(Dataset entries)
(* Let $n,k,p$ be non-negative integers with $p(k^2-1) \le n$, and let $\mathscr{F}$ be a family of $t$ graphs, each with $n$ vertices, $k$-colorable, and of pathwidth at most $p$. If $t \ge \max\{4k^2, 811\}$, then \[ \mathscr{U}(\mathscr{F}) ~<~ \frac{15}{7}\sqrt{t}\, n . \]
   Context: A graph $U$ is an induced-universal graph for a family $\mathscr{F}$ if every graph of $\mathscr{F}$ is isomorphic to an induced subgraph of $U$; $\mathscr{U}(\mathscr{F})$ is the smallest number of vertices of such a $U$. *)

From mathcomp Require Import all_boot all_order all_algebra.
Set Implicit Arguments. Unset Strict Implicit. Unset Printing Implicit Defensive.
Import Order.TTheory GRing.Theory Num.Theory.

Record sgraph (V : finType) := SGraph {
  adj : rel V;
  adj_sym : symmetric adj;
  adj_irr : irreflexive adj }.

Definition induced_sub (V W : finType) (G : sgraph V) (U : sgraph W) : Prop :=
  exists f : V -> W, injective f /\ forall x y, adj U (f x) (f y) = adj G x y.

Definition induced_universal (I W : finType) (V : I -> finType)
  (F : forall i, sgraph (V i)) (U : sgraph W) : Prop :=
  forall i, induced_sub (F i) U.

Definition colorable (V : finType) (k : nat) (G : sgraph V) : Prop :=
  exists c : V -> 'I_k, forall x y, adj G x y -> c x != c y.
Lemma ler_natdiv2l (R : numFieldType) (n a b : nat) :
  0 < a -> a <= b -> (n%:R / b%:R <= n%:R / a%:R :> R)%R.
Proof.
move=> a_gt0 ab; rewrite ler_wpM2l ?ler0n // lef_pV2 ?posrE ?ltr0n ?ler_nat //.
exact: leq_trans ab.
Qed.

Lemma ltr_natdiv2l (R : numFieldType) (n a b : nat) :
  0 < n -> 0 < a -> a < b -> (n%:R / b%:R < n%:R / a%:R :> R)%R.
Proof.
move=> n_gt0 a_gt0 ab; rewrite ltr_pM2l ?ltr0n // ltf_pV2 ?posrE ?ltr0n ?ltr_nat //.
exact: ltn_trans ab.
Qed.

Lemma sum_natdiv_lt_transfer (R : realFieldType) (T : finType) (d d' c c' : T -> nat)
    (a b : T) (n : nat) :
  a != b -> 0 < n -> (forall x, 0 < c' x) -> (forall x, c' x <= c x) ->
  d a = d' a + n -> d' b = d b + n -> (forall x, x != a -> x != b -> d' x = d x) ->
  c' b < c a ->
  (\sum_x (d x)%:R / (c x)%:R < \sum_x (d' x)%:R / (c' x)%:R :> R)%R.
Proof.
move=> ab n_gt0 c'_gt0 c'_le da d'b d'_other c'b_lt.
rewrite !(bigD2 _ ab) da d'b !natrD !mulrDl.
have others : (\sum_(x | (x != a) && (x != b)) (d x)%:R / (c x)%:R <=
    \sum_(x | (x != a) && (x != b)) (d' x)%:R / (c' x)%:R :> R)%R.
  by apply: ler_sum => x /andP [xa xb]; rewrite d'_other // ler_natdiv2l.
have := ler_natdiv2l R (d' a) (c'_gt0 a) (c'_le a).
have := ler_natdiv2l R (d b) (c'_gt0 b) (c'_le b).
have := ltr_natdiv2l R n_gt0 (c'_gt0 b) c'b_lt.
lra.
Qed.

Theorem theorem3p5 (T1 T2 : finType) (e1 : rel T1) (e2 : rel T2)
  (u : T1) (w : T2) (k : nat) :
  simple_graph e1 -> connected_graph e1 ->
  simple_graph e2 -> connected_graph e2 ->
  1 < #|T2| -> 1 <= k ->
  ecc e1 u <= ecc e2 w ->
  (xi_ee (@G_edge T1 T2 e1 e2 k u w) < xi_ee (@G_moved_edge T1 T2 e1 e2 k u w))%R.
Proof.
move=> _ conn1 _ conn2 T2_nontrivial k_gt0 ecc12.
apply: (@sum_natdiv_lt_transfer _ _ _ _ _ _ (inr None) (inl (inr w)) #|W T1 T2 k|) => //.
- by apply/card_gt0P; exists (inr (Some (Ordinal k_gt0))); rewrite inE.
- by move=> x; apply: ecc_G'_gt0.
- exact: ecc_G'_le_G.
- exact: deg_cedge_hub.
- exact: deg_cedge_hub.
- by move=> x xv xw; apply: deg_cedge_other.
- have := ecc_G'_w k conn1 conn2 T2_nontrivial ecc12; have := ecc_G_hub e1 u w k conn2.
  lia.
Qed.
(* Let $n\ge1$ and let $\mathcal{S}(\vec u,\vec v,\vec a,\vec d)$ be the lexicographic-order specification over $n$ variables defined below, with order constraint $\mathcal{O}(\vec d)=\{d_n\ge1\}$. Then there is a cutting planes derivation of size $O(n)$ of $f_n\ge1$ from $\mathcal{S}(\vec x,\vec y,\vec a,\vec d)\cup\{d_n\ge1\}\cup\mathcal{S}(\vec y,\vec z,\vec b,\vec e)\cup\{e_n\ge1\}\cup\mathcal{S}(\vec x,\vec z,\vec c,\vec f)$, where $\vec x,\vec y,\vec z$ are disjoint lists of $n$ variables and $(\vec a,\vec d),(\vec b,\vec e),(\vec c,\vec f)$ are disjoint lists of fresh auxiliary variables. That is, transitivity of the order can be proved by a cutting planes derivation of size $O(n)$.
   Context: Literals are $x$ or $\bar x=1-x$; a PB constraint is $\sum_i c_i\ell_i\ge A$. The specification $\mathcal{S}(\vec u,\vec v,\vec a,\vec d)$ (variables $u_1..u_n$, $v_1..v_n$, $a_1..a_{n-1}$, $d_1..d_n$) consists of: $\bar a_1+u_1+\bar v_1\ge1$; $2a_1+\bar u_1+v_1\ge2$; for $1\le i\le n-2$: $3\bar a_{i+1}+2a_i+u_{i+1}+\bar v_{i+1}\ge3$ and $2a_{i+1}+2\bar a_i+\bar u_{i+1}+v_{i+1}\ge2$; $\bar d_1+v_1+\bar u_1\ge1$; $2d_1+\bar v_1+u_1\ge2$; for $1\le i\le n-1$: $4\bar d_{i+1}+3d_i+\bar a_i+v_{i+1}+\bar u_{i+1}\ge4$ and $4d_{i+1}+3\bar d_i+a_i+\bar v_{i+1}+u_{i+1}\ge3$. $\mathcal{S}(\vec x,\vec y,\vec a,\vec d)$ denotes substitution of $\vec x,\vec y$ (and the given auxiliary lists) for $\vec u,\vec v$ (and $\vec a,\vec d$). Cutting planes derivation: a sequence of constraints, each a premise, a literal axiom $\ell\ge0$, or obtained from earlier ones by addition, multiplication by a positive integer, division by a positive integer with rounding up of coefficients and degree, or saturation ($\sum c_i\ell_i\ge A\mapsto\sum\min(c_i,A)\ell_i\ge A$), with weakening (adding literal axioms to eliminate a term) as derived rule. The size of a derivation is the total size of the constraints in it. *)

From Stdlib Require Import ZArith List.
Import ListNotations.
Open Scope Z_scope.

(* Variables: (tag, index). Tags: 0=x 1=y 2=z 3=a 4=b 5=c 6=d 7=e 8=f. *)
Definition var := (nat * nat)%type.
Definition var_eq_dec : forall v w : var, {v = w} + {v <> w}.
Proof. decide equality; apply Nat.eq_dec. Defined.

...

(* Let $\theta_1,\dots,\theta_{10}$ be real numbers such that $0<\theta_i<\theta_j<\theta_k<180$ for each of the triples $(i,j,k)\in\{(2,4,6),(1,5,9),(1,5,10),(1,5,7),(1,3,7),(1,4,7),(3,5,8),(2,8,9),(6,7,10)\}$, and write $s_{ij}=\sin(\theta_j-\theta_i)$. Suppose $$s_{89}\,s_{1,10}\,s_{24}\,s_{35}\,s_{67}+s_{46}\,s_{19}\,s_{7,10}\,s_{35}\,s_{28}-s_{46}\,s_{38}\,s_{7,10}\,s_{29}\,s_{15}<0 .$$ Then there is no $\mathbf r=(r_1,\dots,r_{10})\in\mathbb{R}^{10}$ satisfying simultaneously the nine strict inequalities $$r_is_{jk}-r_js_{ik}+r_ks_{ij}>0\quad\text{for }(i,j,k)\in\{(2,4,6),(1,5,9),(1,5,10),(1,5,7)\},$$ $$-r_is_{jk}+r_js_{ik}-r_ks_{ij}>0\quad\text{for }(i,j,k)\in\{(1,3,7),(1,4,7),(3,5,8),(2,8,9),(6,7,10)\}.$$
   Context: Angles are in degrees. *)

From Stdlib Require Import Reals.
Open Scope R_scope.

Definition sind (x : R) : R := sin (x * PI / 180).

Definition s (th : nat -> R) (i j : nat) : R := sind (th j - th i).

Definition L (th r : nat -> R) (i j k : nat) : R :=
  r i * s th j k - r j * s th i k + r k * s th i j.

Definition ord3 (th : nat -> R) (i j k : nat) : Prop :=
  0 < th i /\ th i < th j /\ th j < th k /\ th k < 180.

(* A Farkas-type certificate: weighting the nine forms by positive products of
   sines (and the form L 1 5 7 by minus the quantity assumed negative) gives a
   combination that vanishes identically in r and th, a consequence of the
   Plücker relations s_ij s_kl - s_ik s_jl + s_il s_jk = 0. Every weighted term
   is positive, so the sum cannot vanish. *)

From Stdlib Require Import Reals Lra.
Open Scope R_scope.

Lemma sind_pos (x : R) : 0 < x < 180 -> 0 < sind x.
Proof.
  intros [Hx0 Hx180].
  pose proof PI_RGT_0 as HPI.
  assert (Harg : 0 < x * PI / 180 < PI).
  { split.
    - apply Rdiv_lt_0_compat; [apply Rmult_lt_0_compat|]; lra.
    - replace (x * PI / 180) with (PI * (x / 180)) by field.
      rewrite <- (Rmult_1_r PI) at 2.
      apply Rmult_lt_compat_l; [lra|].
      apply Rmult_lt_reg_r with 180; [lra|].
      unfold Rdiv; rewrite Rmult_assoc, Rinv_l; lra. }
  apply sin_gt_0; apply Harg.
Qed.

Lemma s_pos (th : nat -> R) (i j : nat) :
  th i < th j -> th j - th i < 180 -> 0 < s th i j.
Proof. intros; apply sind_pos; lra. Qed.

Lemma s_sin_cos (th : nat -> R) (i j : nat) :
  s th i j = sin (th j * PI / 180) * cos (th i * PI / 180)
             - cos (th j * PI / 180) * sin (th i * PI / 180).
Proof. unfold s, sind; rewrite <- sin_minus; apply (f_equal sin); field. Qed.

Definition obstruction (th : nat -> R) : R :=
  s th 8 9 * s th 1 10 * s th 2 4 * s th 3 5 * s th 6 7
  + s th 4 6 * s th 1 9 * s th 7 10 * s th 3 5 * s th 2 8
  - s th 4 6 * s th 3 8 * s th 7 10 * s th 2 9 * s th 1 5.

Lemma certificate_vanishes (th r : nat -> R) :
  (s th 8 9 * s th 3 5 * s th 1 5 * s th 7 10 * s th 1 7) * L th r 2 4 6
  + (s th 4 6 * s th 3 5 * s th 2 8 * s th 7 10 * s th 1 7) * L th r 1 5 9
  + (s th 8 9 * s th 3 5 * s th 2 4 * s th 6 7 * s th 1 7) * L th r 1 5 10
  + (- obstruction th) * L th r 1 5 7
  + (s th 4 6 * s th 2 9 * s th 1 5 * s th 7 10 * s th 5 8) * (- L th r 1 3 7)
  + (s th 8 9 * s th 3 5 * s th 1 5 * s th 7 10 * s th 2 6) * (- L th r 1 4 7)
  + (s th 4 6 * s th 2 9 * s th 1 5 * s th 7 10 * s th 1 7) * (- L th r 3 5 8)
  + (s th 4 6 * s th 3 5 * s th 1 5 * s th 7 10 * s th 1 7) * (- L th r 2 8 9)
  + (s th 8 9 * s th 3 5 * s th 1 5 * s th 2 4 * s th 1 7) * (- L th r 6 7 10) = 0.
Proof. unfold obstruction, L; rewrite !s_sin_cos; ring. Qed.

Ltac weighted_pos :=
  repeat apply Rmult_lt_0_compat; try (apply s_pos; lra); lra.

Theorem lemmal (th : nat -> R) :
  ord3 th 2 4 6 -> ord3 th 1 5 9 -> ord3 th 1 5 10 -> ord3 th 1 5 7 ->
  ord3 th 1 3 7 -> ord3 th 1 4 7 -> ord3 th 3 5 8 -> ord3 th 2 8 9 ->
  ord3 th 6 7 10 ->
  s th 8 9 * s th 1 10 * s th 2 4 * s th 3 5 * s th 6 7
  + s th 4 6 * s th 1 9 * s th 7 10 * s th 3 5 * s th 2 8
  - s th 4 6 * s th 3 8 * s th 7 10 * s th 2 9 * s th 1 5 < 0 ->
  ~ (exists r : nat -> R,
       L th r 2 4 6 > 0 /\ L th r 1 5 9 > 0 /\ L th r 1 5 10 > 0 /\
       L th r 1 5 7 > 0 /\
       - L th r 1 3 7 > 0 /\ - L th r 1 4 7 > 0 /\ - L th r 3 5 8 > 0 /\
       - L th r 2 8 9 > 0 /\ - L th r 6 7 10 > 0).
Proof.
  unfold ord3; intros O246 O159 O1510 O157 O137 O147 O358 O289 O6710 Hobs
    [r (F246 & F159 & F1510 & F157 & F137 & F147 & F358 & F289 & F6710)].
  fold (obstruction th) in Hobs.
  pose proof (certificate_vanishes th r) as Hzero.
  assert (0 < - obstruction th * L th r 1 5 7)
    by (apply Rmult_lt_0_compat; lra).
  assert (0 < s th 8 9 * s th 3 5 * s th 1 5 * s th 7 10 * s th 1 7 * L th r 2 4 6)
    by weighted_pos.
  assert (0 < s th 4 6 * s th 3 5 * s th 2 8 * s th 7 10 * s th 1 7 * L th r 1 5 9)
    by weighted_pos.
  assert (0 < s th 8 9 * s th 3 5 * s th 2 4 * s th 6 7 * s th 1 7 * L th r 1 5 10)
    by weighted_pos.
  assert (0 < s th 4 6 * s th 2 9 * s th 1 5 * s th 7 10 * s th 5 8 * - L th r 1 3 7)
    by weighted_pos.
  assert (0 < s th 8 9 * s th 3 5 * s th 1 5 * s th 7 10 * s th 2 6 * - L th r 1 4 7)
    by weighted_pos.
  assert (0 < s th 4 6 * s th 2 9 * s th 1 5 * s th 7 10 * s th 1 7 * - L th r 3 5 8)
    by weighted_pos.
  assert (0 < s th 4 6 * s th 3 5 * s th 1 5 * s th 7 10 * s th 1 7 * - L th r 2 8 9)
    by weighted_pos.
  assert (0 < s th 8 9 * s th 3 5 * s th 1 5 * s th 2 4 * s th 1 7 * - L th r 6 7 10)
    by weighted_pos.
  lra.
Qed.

--

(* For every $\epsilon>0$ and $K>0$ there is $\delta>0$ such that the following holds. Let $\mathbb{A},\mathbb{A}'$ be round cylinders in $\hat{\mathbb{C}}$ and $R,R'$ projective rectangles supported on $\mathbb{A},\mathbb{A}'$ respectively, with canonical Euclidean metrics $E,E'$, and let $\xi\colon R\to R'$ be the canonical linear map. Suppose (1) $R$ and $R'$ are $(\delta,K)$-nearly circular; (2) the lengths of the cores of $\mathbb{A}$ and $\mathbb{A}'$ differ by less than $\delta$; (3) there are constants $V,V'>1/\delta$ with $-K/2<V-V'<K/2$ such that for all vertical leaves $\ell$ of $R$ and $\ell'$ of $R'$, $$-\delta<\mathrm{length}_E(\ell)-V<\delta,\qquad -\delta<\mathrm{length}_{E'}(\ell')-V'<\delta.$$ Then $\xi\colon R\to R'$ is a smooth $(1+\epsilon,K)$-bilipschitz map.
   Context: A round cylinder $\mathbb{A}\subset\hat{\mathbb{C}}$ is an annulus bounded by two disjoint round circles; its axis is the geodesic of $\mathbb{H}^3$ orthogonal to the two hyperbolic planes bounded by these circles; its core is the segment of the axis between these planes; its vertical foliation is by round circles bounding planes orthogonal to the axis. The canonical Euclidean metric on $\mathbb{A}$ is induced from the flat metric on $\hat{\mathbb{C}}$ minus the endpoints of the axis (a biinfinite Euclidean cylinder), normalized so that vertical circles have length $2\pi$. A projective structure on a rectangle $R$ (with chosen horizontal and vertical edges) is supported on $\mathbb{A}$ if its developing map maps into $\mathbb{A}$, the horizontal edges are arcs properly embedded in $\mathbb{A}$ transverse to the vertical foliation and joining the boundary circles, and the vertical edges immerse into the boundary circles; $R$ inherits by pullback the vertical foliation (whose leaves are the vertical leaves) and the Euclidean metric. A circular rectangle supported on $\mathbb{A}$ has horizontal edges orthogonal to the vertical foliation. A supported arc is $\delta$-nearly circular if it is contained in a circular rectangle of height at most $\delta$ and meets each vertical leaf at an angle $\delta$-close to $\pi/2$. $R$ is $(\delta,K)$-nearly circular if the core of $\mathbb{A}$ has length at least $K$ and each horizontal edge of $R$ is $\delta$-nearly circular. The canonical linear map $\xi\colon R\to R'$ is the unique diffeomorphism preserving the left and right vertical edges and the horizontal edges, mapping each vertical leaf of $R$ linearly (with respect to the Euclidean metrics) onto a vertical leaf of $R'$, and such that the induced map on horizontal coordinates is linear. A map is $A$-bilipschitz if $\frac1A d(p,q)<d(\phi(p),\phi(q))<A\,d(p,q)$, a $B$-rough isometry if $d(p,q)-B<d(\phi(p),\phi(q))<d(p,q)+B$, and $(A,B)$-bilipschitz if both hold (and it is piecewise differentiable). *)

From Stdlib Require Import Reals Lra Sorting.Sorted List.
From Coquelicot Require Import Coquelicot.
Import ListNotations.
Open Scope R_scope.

- Requirement: Above are the records; copy exactly the lines from the line with "(* Let $n,k,p$" through the line with "forall i, induced_sub (F i) U.", both included.

- Task result:
(* Let $n,k,p$ be non-negative integers with $p(k^2-1) \le n$, and let $\mathscr{F}$ be a family of $t$ graphs, each with $n$ vertices, $k$-colorable, and of pathwidth at most $p$. If $t \ge \max\{4k^2, 811\}$, then \[ \mathscr{U}(\mathscr{F}) ~<~ \frac{15}{7}\sqrt{t}\, n . \]
   Context: A graph $U$ is an induced-universal graph for a family $\mathscr{F}$ if every graph of $\mathscr{F}$ is isomorphic to an induced subgraph of $U$; $\mathscr{U}(\mathscr{F})$ is the smallest number of vertices of such a $U$. *)

From mathcomp Require Import all_boot all_order all_algebra.
Set Implicit Arguments. Unset Strict Implicit. Unset Printing Implicit Defensive.
Import Order.TTheory GRing.Theory Num.Theory.

Record sgraph (V : finType) := SGraph {
  adj : rel V;
  adj_sym : symmetric adj;
  adj_irr : irreflexive adj }.

Definition induced_sub (V W : finType) (G : sgraph V) (U : sgraph W) : Prop :=
  exists f : V -> W, injective f /\ forall x y, adj U (f x) (f y) = adj G x y.

Definition induced_universal (I W : finType) (V : I -> finType)
  (F : forall i, sgraph (V i)) (U : sgraph W) : Prop :=
  forall i, induced_sub (F i) U.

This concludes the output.